There can never be a simple answer in terms of a yes or no to this huge and perplexing question. Cosmic Love and Human Apathy: Swami Vivekananda’s Restatement of Religion
, Sharma’s third book in his multi-volume analysis of the origins and self-images of the Hindu identity (if there’s any, there are perhaps many), comes to us at a potent time, when the Hindutva ideology, which was consigned to political wilderness since the Congress-led UPA government occupied the seat of power in Delhi in 2004, has found a fresh lease of life under the corporatised supervision of Narendra Modi. To launch a scholarly assault on one of the founding fathers of political Hinduism, is therefore, more than a mere coincidence, given that India, and the transnational Hindus, have been busy celebrating the Swami’s 150 birth anniversary.

The chief tenets of Sharma’s argument are these — one, Vivekananda ‘restated’ and ‘reconfigured’ Hinduism, a mishmash, un-amalgamated, variously sourced, quasi-textual, ritualised and performance-dominated belief system into a cohesive but distinctly exclusionist super-religion that favoured ‘dharma’ (duty) and ‘karma’ (work ethic) over mystical solipsism; two, Vivekananda, in order to become the globally-renowned guru and enunciator of the East, twisted the preachings of his spiritual master, Ramakrishna Paramhansa, whose ‘catholicity’, indicating a generosity towards other religions and investment in the metaphysical playfulness with the divine, was remodeled from a ‘religious ecstatic to a religious eclectic’, thus, in effect, ‘distorting’ what the latter had to say; three, citing religion to justify existing caste hierarchies within Hinduism; and four, creating the template for a resurgent Hindu India, which would be European in structure but Hindu in spirit and religion.
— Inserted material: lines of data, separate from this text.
(* With the sets $E_n$ defined in the context, there is a constant $c>0$ independent of $n$ such that for every $n\ge2$, $$\mathrm{Fav}(E_n)\ \ge\ c\Big(\sum_{k=1}^{n-1}a_k\Big)^{-1}.$$
   Context: Construction. Let $f:\mathbb{R}\to\mathbb{R}$ be $f(x)=0$ for $x\in[0,\tfrac12)+\mathbb{Z}$ and $f(x)=\tfrac34$ for $x\in[\tfrac12,1)+\mathbb{Z}$. Let $g:\mathbb{N}\to\mathbb{R}_+$ be strictly increasing with $g(k)\to\infty$, and set $a_1=g(1)$, $a_k=\min\{1,g(k)-g(k-1)\}$ for $k\ge2$. Let $(m_k)_{k\ge1}$ be positive integers with $m_k>m_{k-1}$, $1000\cdot4^{-m_k}\le a_k4^{-m_{k-1}}$ and $1000\cdot4^{-m_k}\le a_{k-1}4^{-m_{k-1}}$ for all $k\ge2$. For $n\ge1$ define $f_n:[0,1]\to\mathbb{R}$ by $f_n(x)=f(2x)+\sum_{j=1}^{n}a_j4^{-m_j}f(2\cdot4^{m_j}x)$, let $s_n=\{0\}\times[0,4^{-m_n}]$, and $E_n=\overline{s_n+\operatorname{graph}f_n}$ (Minkowski sum, closure). Favard length: $\mathrm{Fav}(E)=\frac{1}{|S^1|}\int_{S^1}|p_\theta(E)|\,d\theta$ with $p_\theta(x)=x\cdot\theta$. *)

From Stdlib Require Import Reals Lra Lia ClassicalEpsilon.
Open Scope R_scope.

Definition fstep (x : R) : R := if Rlt_dec (frac_part x) (1/2) then 0 else 3/4.

(* a_1 = g 1, a_k = min(1, g k - g (k-1)) for k >= 2 (a 0 is unused) *)
Definition acoef (g : nat -> R) (k : nat) : R :=
  match k with
  | O => 0
  | S O => g 1%nat
  | S k' => Rmin 1 (g k - g k')
  end.

Definition fn (g : nat -> R) (m : nat -> nat) (n : nat) (x : R) : R :=
  fstep (2 * x) +
  sum_f_R0 (fun i => acoef g (S i) / 4 ^ (m (S i)) * fstep (2 * 4 ^ (m (S i)) * x)) (n - 1).

(* s_n + graph f_n, with graph over [0,1] *)
Definition preE (g : nat -> R) (m : nat -> nat) (n : nat) (p : R * R) : Prop :=
  exists x t, 0 <= x <= 1 /\ 0 <= t <= / 4 ^ (m n) /\ p = (x, fn g m n x + t).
While it is true that Vivekananda gave the myth of the effeminate and impotent Hindu a powerful dose of religion-inspired work vigour, this strain of imperialist Protestantism in his ideas had much to do with the volatile times when he lived and traveled learning and unlearning the uses and abuses of the Hindu corpus of thought. Late 19th century had ushered in a spiritual crisis, not just in India, which was in any case under foreign thumbs, but in Europe itself, which was engulfed under a cosmic cloud of moral and ethical void, precipitated by excessive greed and rapacity of global colonialism. The European Indologists, such as William Jones, Colebrooke, Schlegel and Max Muller, looked eastwards to understand Hinduism as both a field of study, but also, as a possible solution to fertilise Europe’s spiritual wasteland. Yet, somehow, their Orientalist scholarship contributed further to the political diminution of India.
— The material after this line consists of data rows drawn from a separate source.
(* 2^k P^{nu,mu}_k(0) in expanded form, with b = k+nu and M = k+nu+mu. *)
Definition jacobi_sum (k b M : nat) : R :=
  sumN (S k) (fun j => (-1)^j * bin b (k - j) * bin (M + j) j * 2^(k - j)).

Definition alt_conv (k b c : nat) : R :=
  sumN (S k) (fun s => (-1)^s * bin b (k - s) * bin c s).

(* Both sums obey the same recursion in (k, b): this drives the induction. *)
Lemma jacobi_sum_rec k b M :
  jacobi_sum (S k) (S b) M = jacobi_sum (S k) b M + 2 * jacobi_sum k b M.
Proof.
  unfold jacobi_sum. rewrite !(sumN_S (S k)), Nat.sub_diag.
  assert (E : sumN (S k) (fun j => (-1)^j * bin (S b) (S k - j) * bin (M + j) j * 2^(S k - j))
    = sumN (S k) (fun j => (-1)^j * bin b (S k - j) * bin (M + j) j * 2^(S k - j))
      + 2 * sumN (S k) (fun j => (-1)^j * bin b (k - j) * bin (M + j) j * 2^(k - j))).
  { rewrite <- sumN_scal, <- sumN_plus. apply sumN_ext. intros i Hi.
    replace (S k - i)%nat with (S (k - i)) by lia. simpl bin. simpl pow. ring. }
  rewrite E. destruct b; simpl; ring.
Qed.

Lemma alt_conv_rec k b c :
  alt_conv (S k) (S b) c = alt_conv (S k) b (S c) + 2 * alt_conv k b c.
Proof.
  unfold alt_conv.
  set (X := sumN (S (S k)) (fun s => (-1)^s * bin b (S k - s) * bin c s)).
  assert (Eb : sumN (S (S k)) (fun s => (-1)^s * bin (S b) (S k - s) * bin c s)
     = X + alt_conv k b c).
  { unfold X, alt_conv.
    rewrite (sumN_ext (S (S k)) _ (fun s => (-1)^s * bin b (S k - s) * bin c s
            + (-1)^s * bin_prev b (S k - s) * bin c s))
      by (intros; rewrite bin_pascal; ring).
    rewrite sumN_plus. f_equal. rewrite sumN_S, Nat.sub_diag.
    change (bin_prev b 0) with 0.
    rewrite Rmult_0_r, Rmult_0_l, Rplus_0_r. apply sumN_ext. intros i Hi.
    replace (S k - i)%nat with (S (k - i)) by lia. reflexivity. }
  assert (Ec : sumN (S (S k)) (fun s => (-1)^s * bin b (S k - s) * bin (S c) s)
     = X - alt_conv k b c).
  { unfold X, alt_conv.
    rewrite (sumN_ext (S (S k)) _ (fun s => (-1)^s * bin b (S k - s) * bin c s
            + (-1)^s * bin b (S k - s) * bin_prev c s))
      by (intros; rewrite bin_pascal; ring).
    rewrite sumN_plus, (sumN_shift (S k) (fun s => _ * bin_prev c s)).
    change (bin_prev c 0) with 0. rewrite Rmult_0_r, Rplus_0_l.
    unfold Rminus. f_equal.
    replace (- _) with (-1 * sumN (S k) (fun s => (-1)^s * bin b (k - s) * bin c s))
      by ring.
    rewrite <- sumN_scal.
    apply sumN_ext; intros; simpl; ring. }
  rewrite Eb, Ec. unfold alt_conv. ring.
Qed.

Lemma jacobi_sum_alt_conv k : forall b c M,
  (M + k = b + c)%nat -> jacobi_sum k b M = alt_conv k b c.
Proof.
  induction k; intros b c M H.
  - unfold jacobi_sum, alt_conv; simpl. destruct b, M, c; simpl; ring.
  - induction b in c, M, H |- *.
    + unfold jacobi_sum, alt_conv. rewrite !(sumN_S (S k)), Nat.sub_diag.
      rewrite !sumN_zero.
      * replace c with (M + S k)%nat by lia. simpl. ring.
      * intros i Hi. replace (S k - i)%nat with (S (k - i)) by lia. simpl. ring.
      * intros i Hi. replace (S k - i)%nat with (S (k - i)) by lia. simpl. ring.
    + rewrite jacobi_sum_rec, alt_conv_rec, (IHb (S c) M), (IHk b c M) by lia.
      reflexivity.
Qed.

Lemma poch_neg k j : (j <= k)%nat ->
  poch (- INR k) j = (-1)^j * INR (fact k) / INR (fact (k - j)).
Proof.
  induction j; intros H.
  - simpl. rewrite Nat.sub_0_r. field. apply INR_fact_neq_0.
  - simpl poch. rewrite IHj by lia.
    replace (k - j)%nat with (S (k - S j)) by lia.
    rewrite fact_simpl, mult_INR.
    replace (- INR k + INR j) with (- INR (S (k - S j)))
      by (rewrite S_INR, minus_INR, S_INR by lia; ring).
    pose proof (INR_fact_neq_0 (k - S j)).
    assert (INR (S (k - S j)) <> 0) by (apply not_0_INR; lia).
    simpl pow. field. auto.
Qed.

Lemma poch_pos x j : poch (INR x + 1) j = INR (fact (x + j)) / INR (fact x).
Proof.
  induction j.
  - simpl. rewrite Nat.add_0_r. field. apply INR_fact_neq_0.
  - simpl poch. rewrite IHj. replace (x + S j)%nat with (S (x + j)) by lia.
    rewrite fact_simpl, mult_INR, S_INR, plus_INR.
    pose proof (INR_fact_neq_0 x). field. auto.
Qed.

Lemma jacobi_at_0_sum nu mu k :
  jacobiP nu mu k 0 = (1/2)^k * jacobi_sum k (k + nu) (k + nu + mu).
Proof.
  unfold jacobiP, hyp2F1_term, jacobi_sum. rewrite rsum_sumN, <- !sumN_scal.
  apply sumN_ext. intros j Hj. simpl (0 + j)%nat.
  replace (INR k + INR nu + INR mu + 1) with (INR (k + nu + mu) + 1)
    by (rewrite !plus_INR; ring).
  rewrite poch_neg, !poch_pos, !bin_C by lia. unfold C.
  replace (k + nu - (k - j))%nat with (nu + j)%nat by lia.
  replace (k + nu + mu + j - j)%nat with (k + nu + mu)%nat by lia.
  replace ((1 - 0) / 2) with (/2) by field. replace (1/2) with (/2) by field.
  replace ((/2)^k) with ((/2)^j * (/2)^(k - j))
    by (rewrite <- pow_add; f_equal; lia).
  rewrite !pow_inv.
  pose proof (INR_fact_neq_0 k). pose proof (INR_fact_neq_0 nu).
  pose proof (INR_fact_neq_0 j). pose proof (INR_fact_neq_0 (k - j)).
  pose proof (INR_fact_neq_0 (nu + j)). pose proof (INR_fact_neq_0 (k + nu + mu)).
  assert (2^(k-j) <> 0) by (apply pow_nonzero; lra).
  assert (2^j <> 0) by (apply pow_nonzero; lra).
  field. repeat split; auto.
Qed.

Lemma jacobi_at_0 nu mu k :
  jacobiP nu mu k 0 = (1/2)^k * alt_conv k (k + nu) (k + mu).
Proof.
  rewrite jacobi_at_0_sum, (jacobi_sum_alt_conv k _ (k + mu)) by lia. reflexivity.
Qed.

Definition convA (k c : nat) : R := sumN (S k) (fun i => (-1)^i * bin k i * bin c i).
Definition convB (k c : nat) : R := sumN (S k) (fun i => (-1)^i * bin (S k) (S i) * bin c i).
Definition convD (k c : nat) : R := sumN (S k) (fun i => (-1)^i * bin k i * bin c (S i)).

Lemma jacobi0_at_0 mu k : jacobiP 0 mu k 0 = (1/2)^k * convA k (k + mu).
Proof.
  rewrite jacobi_at_0, Nat.add_0_r. unfold alt_conv, convA. f_equal.
  apply sumN_ext. intros i Hi. rewrite (bin_sym k (k - i)) by lia.
  do 3 f_equal. lia.
Qed.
In order to reinvent India, Vivekananda needed a potent elixir, a potion to recover the ‘righteous republic’, to borrow a phrase from Ananya Vajpeyi’s lexicon. Secular, liberal humanist values, although favoured by majority of the anglicised Indian intellectuals and elites, for Vivekananda, had hitherto failed to suitably energise and enthuse the Indian millions. However, the Western work ethic, consecrated and sublimated in the form of imperial capitalism and their superior military prowess, had ignited the Swami’s reinvention of India. A political India, a revolutionary India, according to him, perhaps had to distance itself symbolically from the centuries of Mughal rule, ostensibly because the dynasty had suffered a humiliating defeat at the hands of the British during the Revolt of 1857.

The farther the symbol of unity exists in the chronology of events, the more attractive is its lure for a people. It is probably for this reason that we have the Ashok chakra in our national flag, and not an emblem from the historically proximal times of Akbar the Great. Such arbitrariness of choice, albeit, have their political expediencies. Vivekananda’s restatement of religion is, therefore, perhaps more complicated than a simple belief in Hindu supremacy. Nervertheless, it’s a good time to revisit his legend and grapple with the guru.